その辺の事情があって僕はグィンから再び別れたのが数ヶ月前。だって僕がいなければサーリアとグィンは再び付き合うと思ったから。
「どこかの誰かか崩した天井からロープを垂らしてきた。ここに冒険者がいるらしいが他には?」
グィンさんの口調が少し不機嫌だ。
僕は良く知らないけど兄弟の仲は悪いみたい。
「それは悪かった……まだ怒ってるのか? 俺が押し掛けた時の記憶が無いんだ、家だって兄貴が継げばそれでいいだろ」
「あっ」
「どうしたラック?」
どうしよう。
ザックさんの家が取り潰された話。まだ知らないみたいだ。
原因はグィンのせいと表向きはなっている。
ザックさんをちらっとみると、僕と視線があった。
「気にするな。誰のせいでもない、しいて言うなら俺自身の力が弱かっただけだ」
「何の話だ?」
「悪いが家は潰れた、いまはお前と同じ冒険者ザックとしてこの依頼を受けている」
「どういうことだ?」
グィンがザックさんの胸ぐらをつかむと、ザックさんは微動だにしなくグィンさんを上から見るだけ。

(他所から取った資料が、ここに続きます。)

(* Let $V$ be a valuation domain. (1) If $P$ is a branched prime ideal of $V$ and $Q$ is the prime ideal of $V$ directly below $P$ (i.e. $Q\subsetneq P$ with no prime ideal strictly between them), then the closure of $\mathcal P(P)$ in the constructible topology of $\mathcal I(V)$ is $\mathcal P(P)\cup\{Q\}$. (2) The set $\mathcal P_V$ of all primary ideals of $V$ is proconstructible in $\mathcal I(V)$.
   Context: A prime ideal $\mathfrak p$ is branched if there exists a $\mathfrak p$-primary ideal distinct from $\mathfrak p$ (for a branched prime of a valuation domain, the prime directly below it exists). $\mathcal P(P)$ denotes the set of $P$-primary ideals. $\mathcal I(V)$ is the set of ideals of $V$ with the Zariski topology having basis of open sets $\mathcal B(x_1,\ldots,x_n):=\{I\mid x_1,\ldots,x_n\in I\}$; it is spectral. The constructible topology is the coarsest topology in which all open quasi-compact subsets are clopen; proconstructible means closed in the constructible topology. *)

From HB Require Import structures.
From mathcomp Require Import all_boot all_order all_algebra.
From mathcomp Require Import boolp classical_sets.
Set Implicit Arguments. Unset Strict Implicit. Unset Printing Implicit Defensive.
Import GRing.Theory.
Local Open Scope classical_set_scope.
Local Open Scope ring_scope.

Definition rdivides (R : comNzRingType) (a b : R) : Prop := exists c : R, b = a * c.

Definition valuation_domain (R : idomainType) : Prop :=
  forall a b : R, rdivides a b \/ rdivides b a.

Definition is_ideal (R : comNzRingType) (I : set R) : Prop :=
  [/\ I 0,
      (forall x y, I x -> I y -> I (x + y)) &
      (forall r x, I x -> I (r * x))].

Record ideal (R : comNzRingType) := Ideal { iset :> set R; iset_ideal : is_ideal iset }.

Definition is_prime (R : comNzRingType) (P : set R) : Prop :=
  [/\ is_ideal P, ~ P 1 & forall a b, P (a * b) -> P a \/ P b].

Definition radical (R : comNzRingType) (I : set R) : set R :=
  [set x | exists n : nat, I (x ^+ n)].

Definition is_primary (R : comNzRingType) (I : set R) : Prop :=
  [/\ is_ideal I, ~ I 1 &
      forall a b, I (a * b) -> I a \/ exists n : nat, I (b ^+ n)].

Definition primaries_of (R : comNzRingType) (P : set R) : set (ideal R) :=
  [set I : ideal R | is_primary I /\ radical I = P].

Definition all_primaries (R : comNzRingType) : set (ideal R) :=
  [set I : ideal R | is_primary I].

Definition branched (R : comNzRingType) (P : set R) : Prop :=
  exists I : ideal R, primaries_of P I /\ (I : set R) <> P.

Definition directly_below (R : comNzRingType) (Q P : set R) : Prop :=
  [/\ is_prime Q, Q `<=` P, Q <> P &
      forall L : set R, is_prime L -> Q `<=` L -> L `<=` P -> L = Q \/ L = P].

Definition zbasic (R : comNzRingType) (xs : seq R) : set (ideal R) :=
  [set I : ideal R | forall i, (i < size xs)%N -> (I : set R) (nth 0 xs i)].

Definition zariski_open (R : comNzRingType) (U : set (ideal R)) : Prop :=
  forall I, U I -> exists xs : seq R, zbasic xs I /\ zbasic xs `<=` U.

Definition zariski_qc (R : comNzRingType) (A : set (ideal R)) : Prop :=
  forall G : set (set (ideal R)),
    (forall U, G U -> zariski_open U) -> A `<=` \bigcup_(U in G) U ->
    exists (n : nat) (F : nat -> set (ideal R)),
      (forall i, (i < n)%N -> G (F i)) /\
      A `<=` [set I | exists i, (i < n)%N /\ F i I].

Inductive gen_open (X : Type) (S : set (set X)) : set X -> Prop :=
  | gen_sub U : S U -> gen_open S U
  | gen_setT : gen_open S setT
  | gen_setI U V : gen_open S U -> gen_open S V -> gen_open S (U `&` V)
  | gen_bigcup (G : set (set X)) :
      (forall U, G U -> gen_open S U) -> gen_open S (\bigcup_(U in G) U).

(** The constructible topology: the coarsest topology in which all Zariski
    open quasi-compact sets are clopen, i.e. generated by these sets and their
    complements. *)
Definition cons_subbasis (R : comNzRingType) : set (set (ideal R)) :=
  [set U | (zariski_open U /\ zariski_qc U) \/
           (zariski_open (~` U) /\ zariski_qc (~` U))].

Definition cons_open (R : comNzRingType) (U : set (ideal R)) : Prop :=
  gen_open (@cons_subbasis R) U.

Definition cons_closure (R : comNzRingType) (A : set (ideal R)) : set (ideal R) :=
  [set I | forall U, cons_open U -> U I -> exists J, A J /\ U J].

Definition proconstructible (R : comNzRingType) (A : set (ideal R)) : Prop :=
  cons_open (~` A).

From mathcomp Require Import all_boot all_order all_algebra.
From mathcomp Require Import boolp classical_sets.
From mathcomp Require Import ring.
Set Implicit Arguments. Unset Strict Implicit. Unset Printing Implicit Defensive.
Import GRing.Theory.
Local Open Scope classical_set_scope.
Local Open Scope ring_scope.

(* Constructible open sets are built from finitely many conditions [x ∈ I] and
   [x ∉ I].  Around a prime [Q], the conditions [x ∈ I] hold on every ideal
   containing [Q], and the conditions [x ∉ I] merge into a single [y ∉ I] with
   [y ∉ Q]; so each constructible neighbourhood of [Q] contains all ideals
   [J ⊇ Q] missing some [y ∉ Q].  When [Q] is directly below [P] in a valuation
   domain, every [P]-primary ideal contains [Q], and for [w ∈ P \ Q] the
   [P]-primary ideal [w²V_P ∩ V] misses [w]; taking [w = p y] puts [Q] in the
   closure of [P(P)].  Conversely, non-primary ideals have the constructible
   neighbourhood [B(ab) \ B(a)] of non-primary ideals, so the closure consists
   of primary ideals between [Q] and [P]; any such ideal other than [Q] has an
   element [x ∉ Q], which divides a power of every element of [P], hence its
   radical is [P]. *)

Section Ideals.
Variable R : comNzRingType.
Implicit Types (I P Q : set R) (x y : R).

Lemma ideal_inj : injective (@iset R).
Proof.
case=> I HI [J HJ] /= eIJ; subst J.
by rewrite (Prop_irrelevance HI HJ).
Qed.

Lemma ideal0 I : is_ideal I -> I 0.
Proof. by case. Qed.

Lemma idealD I x y : is_ideal I -> I x -> I y -> I (x + y).
Proof. by case=> _ + _; apply. Qed.

Lemma idealMl I r x : is_ideal I -> I x -> I (r * x).
Proof. by case=> _ _; apply. Qed.

Lemma idealMr I x r : is_ideal I -> I x -> I (x * r).
Proof. by move=> idI Ix; rewrite mulrC; apply: idealMl. Qed.

Lemma ideal_notin_neq0 I x : is_ideal I -> ~ I x -> x != 0.
Proof. by move=> idI nIx; apply: contra_notN nIx => /eqP ->; apply: ideal0. Qed.

Lemma ideal_rdivides I x y : is_ideal I -> I x -> rdivides x y -> I y.
Proof. by move=> idI Ix [c ->]; apply: idealMr. Qed.

Lemma rdivides_ideal x : is_ideal [set z | rdivides x z].
Proof.
split.
- by exists 0; rewrite mulr0.
- by move=> y z [c1 ->] [c2 ->]; exists (c1 + c2); rewrite mulrDr.
- by move=> r y [c ->]; exists (r * c); rewrite mulrCA.
Qed.

Lemma prime_ideal P : is_prime P -> is_ideal P.
Proof. by case. Qed.

Lemma primeX P x n : is_prime P -> P (x ^+ n) -> P x.
Proof.
move=> [_ nP1 Pmul]; elim: n => [|n IHn]; first by rewrite expr0 => /nP1.
by rewrite exprS => /Pmul [|/IHn].
Qed.

Lemma prime_notinM P x y : is_prime P -> ~ P x -> ~ P y -> ~ P (x * y).
Proof. by move=> [_ _ Pmul] nPx nPy /Pmul []. Qed.

Lemma prime_notin_rdivides1 P x : is_prime P -> P x -> ~ rdivides x 1.
Proof. by move=> [idP nP1 _] Px /(ideal_rdivides idP Px). Qed.

Lemma directly_below_witness Q P : directly_below Q P -> exists2 p, P p & ~ Q p.
Proof.
case=> _ QP QneP _; have /nonsubset[p [Pp nQp]] : ~ P `<=` Q.
  by move=> PQ; apply: QneP; apply/seteqP.
by exists p.
Qed.

End Ideals.

Section ConstructibleTopology.
Variable R : comNzRingType.
Implicit Types (A U W : set (ideal R)) (Q : set R) (x y : R).

Lemma zbasic1 x (I : ideal R) : zbasic [:: x] I <-> iset I x.
Proof. by split => [/(_ 0%N)|Ix [|i]] //; apply. Qed.

Lemma zariski_open_zbasic (xs : seq R) : zariski_open (zbasic xs).
Proof. by move=> I xsI; exists xs; split. Qed.

Lemma zariski_qc_zbasic1 x : zariski_qc (zbasic [:: x]).
Proof.
move=> G Gopen cover.
have /cover[U GU Ux] : zbasic [:: x] (Ideal (rdivides_ideal x)).
  by apply/zbasic1; exists 1; rewrite mulr1.
have [xs [xs_x xsU]] := Gopen U GU _ Ux.
exists 1%N, (fun=> U); split=> // I /zbasic1 Ix; exists 0%N; split=> //.
by apply: xsU => i /xs_x; apply: ideal_rdivides Ix; apply: iset_ideal.
Qed.

Lemma cons_open_zbasic1 x : cons_open (zbasic [:: x]).
Proof.
by apply: gen_sub; left; split; [apply: zariski_open_zbasic | apply: zariski_qc_zbasic1].
Qed.

Lemma cons_open_setC_zbasic1 x : cons_open (~` zbasic [:: x]).
Proof.
apply: gen_sub; right; rewrite setCK.
by split; [apply: zariski_open_zbasic | apply: zariski_qc_zbasic1].
Qed.

Lemma cons_open_nbhd A :
  (forall I, A I -> exists2 U, cons_open U & U I /\ U `<=` A) -> cons_open A.
Proof.
move=> Anbhd; have -> : A = \bigcup_(U in [set U | cons_open U /\ U `<=` A]) U.
  apply/seteqP; split=> [I /Anbhd[U Uopen [UI UA]]|I [U [_ UA] /UA]] //.
  by exists U.
by apply: gen_bigcup => U [].
Qed.

Lemma sub_cons_closure A : A `<=` cons_closure A.
Proof. by move=> I AI U _ UI; exists I. Qed.

Lemma cons_closure_min A B : cons_open (~` B) -> A `<=` B -> cons_closure A `<=` B.
Proof.
move=> openCB AB I clI; apply: contrapT => nBI.
by have [J [/AB BJ]] := clI _ openCB nBI.
Qed.

Lemma cons_closure_witness A (I : ideal R) x :
  cons_closure A I -> iset I x -> exists2 J : ideal R, A J & iset J x.
Proof.
move=> clI /zbasic1 Ix.
by have [J [AJ /zbasic1 Jx]] := clI _ (cons_open_zbasic1 x) Ix; exists J.
Qed.

Lemma cons_closure_forall A (I : ideal R) y :
  cons_closure A I -> (forall J : ideal R, A J -> iset J y) -> iset I y.
Proof.
move=> clI Ay; apply: contrapT => nIy.
have nBI : (~` zbasic [:: y]) I by move/zbasic1.
have [J [AJ]] := clI _ (cons_open_setC_zbasic1 y) nBI.
by apply; apply/zbasic1; apply: Ay.
Qed.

「なるほど。冒険者というのは口より手なんだな。お前みたいになれるように慣れるとしよう」
ザックさんがグィンの手を降りほどくと体を回転させて蹴りをしかけた。
グィンのほうもその一撃を後ろに下がってかわす。
「てめえ…………」
「二言目には兄貴からてめえか、ずいぶんと知恵が働く」
あわわあわわ。
えっとえっと。ど、どうしよう!
「ラック様もうそろそろ止めた方がいいですよアレ」
「僕が!?」
「リバーが止めていいのでしたら止めますけど」
リバーが止める。といったら爆弾を使っていても止めそうだ。
「アームマナアップ! アームマナアップ! アームマナアップ! アームマナアップ! レギンスマナアップ!! レギンスマナアップ!!! ぜえぜえ、レギンスマナアップ!!」
もう早口だ。
空気が見える。
空気というよりも魔力の流れ、その二つが渦を巻いていてその中心に僕は割って入る。
右手でザックさんの手を押さえて、左手でグィンの胸を押さえる。
「っ!?」「っ!!」
二人の驚きの顔に僕はほっと息を吐く。